(* Let $n\ge 6$ and let $\mathfrak g$ be an $n$-dimensional filiform Lie algebra with associated triple $(n-2,n-2,n)$. Then there exist an adapted basis $\{e_1,\dots,e_n\}$ of $\mathfrak g$ and complex numbers $\alpha,\gamma,\beta$ with $\alpha\neq0$ such that the nonzero brackets $[e_a,e_b]$, $a<b$, are exactly given by $[e_1,e_h]=e_{h-1}$ ($3\le h\le n$), $[e_{n-2},e_{n-1}]=\alpha e_2$, $[e_{n-2},e_n]=\alpha e_3+\gamma e_2$, $[e_{n-1},e_n]=\alpha e_4+\gamma e_3+\beta e_2$, all other brackets of basis elements with $a<b$ being zero. Conversely, for every $\alpha\in\mathbb C\setminus\{0\}$ and $\gamma,\beta\in\mathbb C$, these brackets define a Lie algebra which is filiform with associated triple $(n-2,n-2,n)$ (i.e. the Jacobi identity imposes no polynomial relation on $\alpha,\gamma,\beta$, and the only open condition is $\alpha\neq0$, equivalent to $[C^2\mathfrak g,C^3\mathfrak g]\neq\{0\}$).
   Context: All Lie algebras are over $\mathbb C$; $C^1\mathfrak g=\mathfrak g$, $C^k\mathfrak g=[C^{k-1}\mathfrak g,\mathfrak g]$. A Lie algebra is filiform if $\dim\mathfrak g=n\ge2$ and $\dim C^k\mathfrak g=n-k$ for $2\le k\le n$. An adapted basis of a filiform $\mathfrak g$ is a basis $\{e_1,\dots,e_n\}$ with $[e_1,e_h]=e_{h-1}$ ($3\le h\le n$), $[e_2,e_h]=0$ ($1\le h\le n$), $[e_3,e_h]=0$ ($2\le h\le n$). For a non-model filiform $\mathfrak g$ (not isomorphic to the algebra with $[e_1,e_h]=e_{h-1}$ and other brackets zero), $z_1=\min\{k\ge4:[e_k,e_n]\ne0\}$ and $z_2=\min\{k\ge4:[e_k,e_{k+1}]\ne0\}$ computed in any adapted basis are isomorphism invariants; $(z_1,z_2,n)$ is the associated triple. *)

(* Lie algebras over C := R[i] for an arbitrary realType R
   (R[i] = complex numbers over R; for R the real numbers this is C). *)
From HB Require Import structures.
From mathcomp Require Import all_boot all_order all_algebra reals.
From mathcomp.real_closed Require Export complex.
Set Implicit Arguments. Unset Strict Implicit. Unset Printing Implicit Defensive.
Import GRing.Theory.
Local Open Scope ring_scope.

Section Lie.
Variables (K : fieldType) (V : vectType K).

Definition is_lie_bracket (br : V -> V -> V) : Prop :=
  [/\ forall (a : K) x y z, br (a *: x + y) z = a *: br x z + br y z,
      forall (a : K) x y z, br x (a *: y + z) = a *: br x y + br x z,
      forall x, br x x = 0 &
      forall x y z, br x (br y z) + br y (br z x) + br z (br x y) = 0].

Definition bracket_space (br : V -> V -> V) (U W : {vspace V}) : {vspace V} :=
  <<[seq br u w | u <- (vbasis U : seq V), w <- (vbasis W : seq V)]>>%VS.

(* lower central series: lcs br 1 = V, lcs br (k+1) = [lcs br k, V]
   (lcs br 0 is also V, by convention; it is never used) *)
Fixpoint lcs (br : V -> V -> V) (k : nat) : {vspace V} :=
  match k with
  | 0 => fullv
  | 1 => fullv
  | k'.+1 => bracket_space br (lcs br k') fullv
  end.

Definition filiform (br : V -> V -> V) (n : nat) : Prop :=
  [/\ (2 <= n)%N, \dim (fullv : {vspace V}) = n &
      forall k, (2 <= k <= n)%N -> \dim (lcs br k) = (n - k)%N].

Definition is_basis_n (n : nat) (e : nat -> V) : Prop :=
  basis_of fullv [seq e i | i <- iota 1 n].

Definition adapted_basis (br : V -> V -> V) (n : nat) (e : nat -> V) : Prop :=
  [/\ is_basis_n n e,
      forall h, (3 <= h <= n)%N -> br (e 1%N) (e h) = e h.-1,
      forall h, (1 <= h <= n)%N -> br (e 2%N) (e h) = 0 &
      forall h, (2 <= h <= n)%N -> br (e 3%N) (e h) = 0].

Definition is_model (br : V -> V -> V) (n : nat) : Prop :=
  exists e : nat -> V, is_basis_n n e /\
    forall a b, (1 <= a)%N -> (a < b)%N -> (b <= n)%N ->
      br (e a) (e b) = if (a == 1%N) && (3 <= b)%N then e b.-1 else 0.

Definition is_least (P : nat -> Prop) (z : nat) : Prop :=
  P z /\ forall k, (k < z)%N -> ~ P k.

Definition z1_of (br : V -> V -> V) (n : nat) (e : nat -> V) (z : nat) :=
  is_least (fun k => (4 <= k <= n)%N /\ br (e k) (e n) <> 0) z.

Definition z2_of (br : V -> V -> V) (n : nat) (e : nat -> V) (z : nat) :=
  is_least (fun k => (4 <= k)%N /\ (k < n)%N /\ br (e k) (e k.+1) <> 0) z.

(* Since z1, z2 are isomorphism invariants (independent
   of the adapted basis), it suffices to compute them in one adapted basis. *)
Definition has_triple (br : V -> V -> V) (z1 z2 n : nat) : Prop :=
  [/\ is_lie_bracket br, filiform br n, ~ is_model br n &
      exists e, [/\ adapted_basis br n e, z1_of br n e z1 & z2_of br n e z2]].

End Lie.

Definition table (K : fieldType) (V : vectType K) (n : nat) (e : nat -> V)
    (al ga be : K) (a b : nat) : V :=
  if (a == 1%N) && (3 <= b)%N then e b.-1
  else if (a == n - 2)%N && (b == n - 1)%N then al *: e 2%N
  else if (a == n - 2)%N && (b == n)%N then al *: e 3%N + ga *: e 2%N
  else if (a == n - 1)%N && (b == n)%N then al *: e 4%N + ga *: e 3%N + be *: e 2%N
  else 0.

(* In an adapted basis, [ad e_1] is a derivation with [ad e_1 e_h = e_(h-1)].
   Starting from [z1 = n - 2], downward induction along [ad e_1] kills every
   bracket [e_i, e_j] with 4 <= i < j except the three top ones
   [e_(n-2), e_(n-1)], [e_(n-2), e_n], [e_(n-1), e_n], which form a chain under
   [ad e_1] ending in 0.  Hence [e_(n-1), e_n] lies in ker (ad e_1)^3 =
   <e_1, ..., e_4>, its e_1-component vanishes by the Jacobi identity for
   e_(n-2), e_(n-1), e_n, and its coefficients are beta, gamma, alpha; alpha <> 0
   because z2 = n - 2.
   Conversely, the table is realised on K^n by the bracket whose h-th coordinate
   is the (1, h+1) minor of the two arguments plus combinations of the three
   minors in the last three coordinates; Jacobi is a polynomial identity checked
   coordinatewise.  There C^k = <e_2, ..., e_(n-k+1)>, and
   [[e_1, e_(n-1)], [e_1, e_n]] = alpha e_2 <> 0 excludes the model algebra,
   whose derived algebra is abelian. *)

From HB Require Import structures.
From mathcomp Require Import all_boot all_order all_algebra reals.
From mathcomp.real_closed Require Import complex.
From mathcomp Require Import zify ring.
Set Implicit Arguments. Unset Strict Implicit. Unset Printing Implicit Defensive.
Import GRing.Theory.
Local Open Scope ring_scope.

Section LieBracket.
Variables (K : fieldType) (V : vectType K) (br : V -> V -> V).
Hypothesis brL : is_lie_bracket br.

Lemma brDl x y z : br (x + y) z = br x z + br y z.
Proof. by case: brL => h _ _ _; have := h 1 x y z; rewrite !scale1r. Qed.

Lemma brDr x y z : br z (x + y) = br z x + br z y.
Proof. by case: brL => _ h _ _; have := h 1 z x y; rewrite !scale1r. Qed.

Lemma br0l y : br 0 y = 0.
Proof. by apply: (@addIr _ (br 0 y)); rewrite -brDl !add0r. Qed.

Lemma br0r y : br y 0 = 0.
Proof. by apply: (@addIr _ (br y 0)); rewrite -brDr !add0r. Qed.

Lemma brZl a x z : br (a *: x) z = a *: br x z.
Proof. by case: brL => h _ _ _; rewrite -[a *: x]addr0 h br0l addr0. Qed.

Lemma brZr a x z : br z (a *: x) = a *: br z x.
Proof. by case: brL => _ h _ _; rewrite -[a *: x]addr0 h br0r addr0. Qed.

Lemma brNr x z : br z (- x) = - br z x.
Proof. by rewrite -scaleN1r brZr scaleN1r. Qed.

Lemma brxx x : br x x = 0.
Proof. by case: brL. Qed.

Lemma brC x y : br x y = - br y x.
Proof.
apply/eqP; rewrite -addr_eq0.
by have := brxx (x + y); rewrite brDl !brDr !brxx add0r addr0 => ->.
Qed.

Lemma brJ x y z : br x (br y z) + br y (br z x) + br z (br x y) = 0.
Proof. by case: brL. Qed.

Lemma br_suml I (r : seq I) (P : pred I) F y :
  br (\sum_(i <- r | P i) F i) y = \sum_(i <- r | P i) br (F i) y.
Proof. exact: (big_morph (br^~ y) (fun a b => brDl a b y) (br0l y)). Qed.

Lemma br_sumr I (r : seq I) (P : pred I) F y :
  br y (\sum_(i <- r | P i) F i) = \sum_(i <- r | P i) br y (F i).
Proof. exact: (big_morph (br y) (fun a b => brDr a b y) (br0r y)). Qed.

Lemma mem_bracket_span (X Y : seq V) (S : {vspace V}) :
  (forall x y, x \in X -> y \in Y -> br x y \in S) ->
  forall u w, u \in <<X>>%VS -> w \in <<Y>>%VS -> br u w \in S.
Proof.
move=> hXY u w /(coord_span (X := in_tuple X)) -> /(coord_span (X := in_tuple Y)) ->.
rewrite br_suml; apply: memv_suml => i _; rewrite brZl; apply: memvZ.
rewrite br_sumr; apply: memv_suml => j _; rewrite brZr; apply: memvZ.
by apply: hXY; apply: mem_nth.
Qed.

Lemma bracket_space_sub (X Y : seq V) (S : {vspace V}) :
  (forall x y, x \in X -> y \in Y -> br x y \in S) ->
  (bracket_space br <<X>> <<Y>> <= S)%VS.
Proof.
move=> hXY; apply/span_subvP => z /allpairsP [[u w] [/= hu hw ->]].
by apply: (mem_bracket_span hXY); apply: vbasis_mem.
Qed.

Lemma mem_bracket_space (U W : {vspace V}) u w :
  u \in U -> w \in W -> br u w \in bracket_space br U W.
Proof.
rewrite -{1}(span_basis (vbasisP U)) -{1}(span_basis (vbasisP W)).
by apply: mem_bracket_span => x y hx hy; apply/memv_span/allpairs_f.
Qed.

End LieBracket.

Section BasisN.
Variables (K : fieldType) (V : vectType K) (n : nat) (e : nat -> V).
Hypothesis e_basis : is_basis_n n e.

Local Notation s := [seq e i | i <- iota 1 n].

Lemma mem_basis_n h : (1 <= h <= n)%N -> e h \in s.
Proof. by move=> hh; apply: map_f; rewrite mem_iota; lia. Qed.

Lemma basis_n_neq0 h : (1 <= h <= n)%N -> e h != 0.
Proof. by move=> hh; apply: (basis_not0 e_basis); apply: mem_basis_n. Qed.

Lemma basis_n_span : <<s>>%VS = fullv.
Proof. exact: span_basis e_basis. Qed.

Lemma basis_n_decomp v : exists x : nat -> K, v = \sum_(h <- iota 1 n) x h *: e h.
Proof.
have hv : v \in <<s>>%VS by rewrite basis_n_span memvf.
have [k hk _] := free_span (basis_free e_basis) hv.
by exists (fun h => k (e h)); rewrite hk big_map.
Qed.

Lemma index_basis_n h : (1 <= h <= n)%N -> index (e h) s = h.-1.
Proof.
move=> hh; have <- : nth 0 s h.-1 = e h.
  by rewrite (nth_map 0%N) ?size_iota ?nth_iota; [congr e | |]; lia.
by rewrite index_uniq ?(free_uniq (basis_free e_basis)) // size_map size_iota; lia.
Qed.

Lemma basis_n_coef0 (x : nat -> K) : \sum_(h <- iota 1 n) x h *: e h = 0 ->
  forall h, (1 <= h <= n)%N -> x h = 0.
Proof.
move=> x0 h hh; have [k0 _ coef_uniq] := free_span (basis_free e_basis) (mem0v _).
pose k v := x (index v s).+1.
have sum_k : 0 = \sum_(v <- s) k v *: v.
  rewrite big_map -{1}x0; apply: eq_big_seq => j; rewrite mem_iota => hj.
  by rewrite /k index_basis_n ?prednK //; lia.
have zero0 : 0 = \sum_(v <- s) (0 : K) *: v by rewrite big1 // => v _; rewrite scale0r.
have := coef_uniq _ sum_k (e h) (mem_basis_n hh).
rewrite -(coef_uniq _ zero0 (e h) (mem_basis_n hh)) /k index_basis_n ?prednK //; lia.
Qed.

End BasisN.

Section AdaptedBasis.
Variables (K : fieldType) (V : vectType K) (br : V -> V -> V) (n : nat) (e : nat -> V).
Hypothesis brL : is_lie_bracket br.
Hypothesis n_ge6 : (6 <= n)%N.
Hypothesis e_basis : is_basis_n n e.
Hypothesis br1e : forall h, (3 <= h <= n)%N -> br (e 1%N) (e h) = e h.-1.
Hypothesis br2e : forall h, (1 <= h <= n)%N -> br (e 2%N) (e h) = 0.
Hypothesis br3e : forall h, (2 <= h <= n)%N -> br (e 3%N) (e h) = 0.
Hypothesis brn_low : forall k, (4 <= k)%N -> (k < n - 2)%N -> br (e k) (e n) = 0.

Local Notation c i j := (br (e i) (e j)).

Lemma br1e2 : c 1 2 = 0.
Proof. by rewrite (brC brL) br2e ?oppr0 //; lia. Qed.

Lemma br1e_br i j : (3 <= i <= n)%N -> (3 <= j <= n)%N ->
  br (e 1%N) (c i j) = c i j.-1 + c i.-1 j.
Proof.
move=> hi hj; have := brJ brL (e 1%N) (e i) (e j).
rewrite (brC brL (e j) (e 1%N)) !br1e // (brNr brL) (brC brL (e j) (e i.-1)).
by move=> J; apply/eqP; rewrite -subr_eq0 opprD addrA J.
Qed.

• [Problem to solve] Would you quote everything above from the line containing "Definition is_basis_n (n" down to the line containing "(al ga be : K)"? Include both of those lines and nothing else.

• [Task solution]
Definition is_basis_n (n : nat) (e : nat -> V) : Prop :=
  basis_of fullv [seq e i | i <- iota 1 n].

Definition adapted_basis (br : V -> V -> V) (n : nat) (e : nat -> V) : Prop :=
  [/\ is_basis_n n e,
      forall h, (3 <= h <= n)%N -> br (e 1%N) (e h) = e h.-1,
      forall h, (1 <= h <= n)%N -> br (e 2%N) (e h) = 0 &
      forall h, (2 <= h <= n)%N -> br (e 3%N) (e h) = 0].

Definition is_model (br : V -> V -> V) (n : nat) : Prop :=
  exists e : nat -> V, is_basis_n n e /\
    forall a b, (1 <= a)%N -> (a < b)%N -> (b <= n)%N ->
      br (e a) (e b) = if (a == 1%N) && (3 <= b)%N then e b.-1 else 0.

Definition is_least (P : nat -> Prop) (z : nat) : Prop :=
  P z /\ forall k, (k < z)%N -> ~ P k.

Definition z1_of (br : V -> V -> V) (n : nat) (e : nat -> V) (z : nat) :=
  is_least (fun k => (4 <= k <= n)%N /\ br (e k) (e n) <> 0) z.

Definition z2_of (br : V -> V -> V) (n : nat) (e : nat -> V) (z : nat) :=
  is_least (fun k => (4 <= k)%N /\ (k < n)%N /\ br (e k) (e k.+1) <> 0) z.

(* Since z1, z2 are isomorphism invariants (independent
   of the adapted basis), it suffices to compute them in one adapted basis. *)
Definition has_triple (br : V -> V -> V) (z1 z2 n : nat) : Prop :=
  [/\ is_lie_bracket br, filiform br n, ~ is_model br n &
      exists e, [/\ adapted_basis br n e, z1_of br n e z1 & z2_of br n e z2]].

End Lie.

Definition table (K : fieldType) (V : vectType K) (n : nat) (e : nat -> V)
    (al ga be : K) (a b : nat) : V :=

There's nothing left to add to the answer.